Accessing Calibre database with Python

Share it!

Summary

Calibre provides a user interface to accomplish all of the common ebook library functions. But sometimes it is much faster to write a short script to get the job done, especially if you have to deal with thousands of ebooks at a time. In this post I will document some of the short python programs that I have used before I forget them. Calibre also provides a command line interface to do some of the same things that the user interface provides. Sometimes it is faster to use the command line interface instead of the GUI (Graphical User Interface).

Using sqlite3

Lets say our Calibre library is at ‘/mnt/sdc1/Library’. To access the calibre library database you would type:

sqlite3 /mnt/sdc1/library/metadata.db

To get a list of available commands type .help at the prompt. Here is some useful commands.

Command Info
.databases List names and files of attached databases
.dump ?TABLE? ... Dump the database in an SQL text format
If TABLE specified, only dump tables matching
LIKE pattern TABLE.
.exit Exit this program
.header(s) ON|OFF Turn display of headers on or off
.help Show this message
.quit Exit this program
.schema ?TABLE? Show the CREATE statements
If TABLE specified, only show tables matching
LIKE pattern TABLE.
.tables ?TABLE? List names of tables
If TABLE specified, only list tables matching
LIKE pattern TABLE.


Here is a python code that will connect to a given Calibre database. It will also walk through a directory tree visiting each file in turn. This program does not do anything useful, but it can be used as a template.

#!/bin/python
import sys, os, time, string, re
import sqlite3
 
def process_file(con, cursor, fname, dname):
    print "\n"
    print "Processing: " + fname + " in " + dname
 
if (len(sys.argv) != 3):
    print "Usage: test1.py <starting_dir> <calibre_db>"
    sys.exit(0)
 
sdir = sys.argv[1]
db = sys.argv[2] + '/metadata.db'
 
con = sqlite3.connect(db)
cursor = con.cursor()
 
 
if (not os.path.isdir(sdir)):
    print "Starting path must be a directory.."
    sys.exit(0)
 
for root, dirs, files in os.walk(sdir):
    print "(%s, %s, %s) " % (root, dirs, files)
    for f in files:
        process_file(con, cursor, f, root)
 
cursor.close()

Database Structure

If you type .tables command at the sqlite3 prompt, you will see the list of tables in Calibre database. The main table is the books table. The .schema books shows the structure of this table. The first column of every table is an integer column called ‘id’. This is incremented automatically for each entry and is guaranteed to be a unique number.

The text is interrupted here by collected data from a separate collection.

Theorem theorem3 (R : realType) (p q M : nat -> nat) (nu : nat -> nat -> nat)
  (X : forall n : nat, 'M[R]_(n, p n)) (beta : forall n : nat, 'cV[R]_(p n))
  (Om : forall n : nat, 'M[R]_n)
  (mstar mstar2 : nat -> nat) (wstar : forall n : nat, 'I_(M n) -> R) :
  (* standing setting, for every (large) n *)
  (\forall n \near \oo,
     ((p n < n)%N /\ (2 <= M n)%N /\ (M n <= q n)%N /\
      nu n 0%N = 0%N /\ nu n (q n) = p n /\
      (forall m, (m < q n)%N -> (nu n m < nu n m.+1)%N) /\
      (forall m, (1 <= m <= q n)%N ->
         \rank (firstcols (nu n m) (X n)) = nu n m) /\
      (Om n)^T = Om n /\
      (forall x : 'cV[R]_n, x != 0 -> 0 < (x^T *m Om n *m x) 0 0))) ->
  (* m*_n : unique minimiser of R_n(m) over {1,..,M_n} *)
  (\forall n \near \oo,
     [/\ (1 <= mstar n <= M n)%N,
         (forall m, (1 <= m <= M n)%N ->
            Rmod (X n) (beta n) (Om n) (nu n) (mstar n)
              <= Rmod (X n) (beta n) (Om n) (nu n) m) &
         (forall m, (1 <= m <= M n)%N ->
            Rmod (X n) (beta n) (Om n) (nu n) m
              = Rmod (X n) (beta n) (Om n) (nu n) (mstar n) -> m = mstar n)]) ->
  (* m**_n : unique minimiser of R_n(m) over {1,..,q_n} *)
  (\forall n \near \oo,
     [/\ (1 <= mstar2 n <= q n)%N,
         (forall m, (1 <= m <= q n)%N ->
            Rmod (X n) (beta n) (Om n) (nu n) (mstar2 n)
              <= Rmod (X n) (beta n) (Om n) (nu n) m) &
         (forall m, (1 <= m <= q n)%N ->
            Rmod (X n) (beta n) (Om n) (nu n) m
              = Rmod (X n) (beta n) (Om n) (nu n) (mstar2 n) -> m = mstar2 n)]) ->
  (* w*_n : unique minimiser of R_n(w) over W_n *)
  (\forall n \near \oo,
     [/\ inW (wstar n),
         (forall w : 'I_(M n) -> R, inW w ->
            Rwt (X n) (beta n) (Om n) (nu n) (wstar n)
              <= Rwt (X n) (beta n) (Om n) (nu n) w) &
         (forall w : 'I_(M n) -> R, inW w ->
            Rwt (X n) (beta n) (Om n) (nu n) w
              = Rwt (X n) (beta n) (Om n) (nu n) (wstar n) -> w =1 wstar n)]) ->
  (* Assumption 1 *)
  (exists C : R, \forall n \near \oo,
     sqnorm (X n *m beta n) / n%:R <= C) ->
  (* Assumption 2 *)
  (exists c1 c2 : R, 0 < c1 /\ c1 <= c2 /\
     forall n a, eigenvalue (Om n) a -> c1 < a < c2) ->
  (* Assumption 3 *)
  (\forall n \near \oo, forall m, (1 <= m)%N -> (m < q n)%N ->
     theta (X n) (beta n) (Om n) (nu n) m.+1
       <= theta (X n) (beta n) (Om n) (nu n) m) ->
  (* Assumption 4 *)
  (exists V : nat, (1 <= V)%N /\ \forall n \near \oo,
     forall m, (1 <= m <= dn (q n) (theta (X n) (beta n) (Om n) (nu n)))%N ->
       (nu n m - nu n m.-1 <= V)%N) ->
  (* Assumption 5 *)
  (forall m : nat, (1 <= m)%N -> exists (thb : R) (K : nat),
     0 < thb /\ (0 < K)%N /\
     forall n, (K <= n)%N ->
       (m <= dn (q n) (theta (X n) (beta n) (Om n) (nu n)))%N /\
       thb <= theta (X n) (beta n) (Om n) (nu n) m) ->
  (* Assumption 6 *)
  (\forall n \near \oo,
     let d := dn (q n) (theta (X n) (beta n) (Om n) (nu n)) in
     let Rn := Rmod (X n) (beta n) (Om n) (nu n) in
     exists m' : nat, [/\ (1 <= m' <= d.-1)%N,
       (forall m, (2 <= m <= m')%N -> Rn m < Rn m.-1),
       (forall m, (m' < m <= d)%N -> Rn m.-1 <= Rn m) &
       Rn d.-1 < Rn d]) ->
  (* Condition M1 *)
  ((fun n => (M n)%:R / (mstar2 n)%:R : R) @ \oo --> (0 : R)) ->
  (* conclusion: R_n(w*_n) / R_n(m*_n) -> 1 *)
  ((fun n => Rwt (X n) (beta n) (Om n) (nu n) (wstar n)
             / Rmod (X n) (beta n) (Om n) (nu n) (mstar n)) @ \oo --> (1 : R)).
Proof.
move=> Hset Hms Hms2 Hw _ [c1 [c2 [c1_gt0 [c12 Om_eig]]]] _ [V [_ HV]] A5 _ HM1.
have [thb [K [_ [_ HK]]]] := A5 1%N (leqnn 1).
have c2_ge0 : 0 <= c2 by rewrite (le_trans _ c12) ?ltW.
have Om_eig_le n a : eigenvalue (Om n) a -> c1 <= a <= c2.
  by move/Om_eig/andP => [/ltW -> /ltW ->].
set k := c2 * V%:R / c1.
apply: (@squeeze_cvgr _ _ _ _ (fun n => 1 - k * ((M n)%:R / (mstar2 n)%:R)) (fun=> 1)).
- near=> n.
  have /(_ _)[//|p_lt_n [_ [M_le_q [nu0 [_ [nu_lt [rank_X [Om_sym _]]]]]]]] := near Hset n.
  have /(_ _)[//|ms_in ms_min _] := near Hms n.
  have /(_ _)[//|ms2_in ms2_min _] := near Hms2 n.
  have /(_ _)[//|_ w_min _] := near Hw n.
  have /(_ _)/wrap[//|nuV] := near HV n.
  have Kn : (K <= n)%N by near: n; exact: nbhs_infty_ge.
  have lt1 : ((M n)%:R / (mstar2 n)%:R : R) < 1 by near: n; exact: cvgr_lt HM1 _ ltr01.
  exact: (risk_ratio_bounds p_lt_n M_le_q nu0 nu_lt rank_X Om_sym c1_gt0 (Om_eig_le n)
    ms_in ms_min ms2_in ms2_min w_min c2_ge0 (HK n Kn).1 nuV lt1).
- rewrite -[X in _ --> X]subr0 -(mulr0 k).
  by apply: cvgB; [exact: cvg_cst | exact: cvgMl_tmp].
- exact: cvg_cst.
Unshelve. all: end_near.
Qed.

Note that we can not assume that the last ebook loaded is going to have the highest id in the books table queried by ‘select max(id) from books’. This is because when books are deleted at the end of the table, it is possible that the ebook will have a smaller id than the max(id).

Custom Columns

When we create a new custom column, a new entry is made into ‘custom_columns’ table. For example, the following table shows two custom columns.

sqlite> select * from custom_columns;
1|shadigest|Digest|text|0|1|{"use_decorations": 0}|0|1
2|orgpath|Old Path|text|0|1|{"use_decorations": 0}|0|1

The first field is the custom column number, the second is the look up name, and the third field is the display name in the tag browser. For each custom column, two other tables are created: custom_column_ID, and books_custom_column_ID_link tables. Replace the ID in the table names with the id from the custom_columns table above.

The actual data is stored in the _ID table, and a link is made pointing to the ebook ID and the data ID in the _link table.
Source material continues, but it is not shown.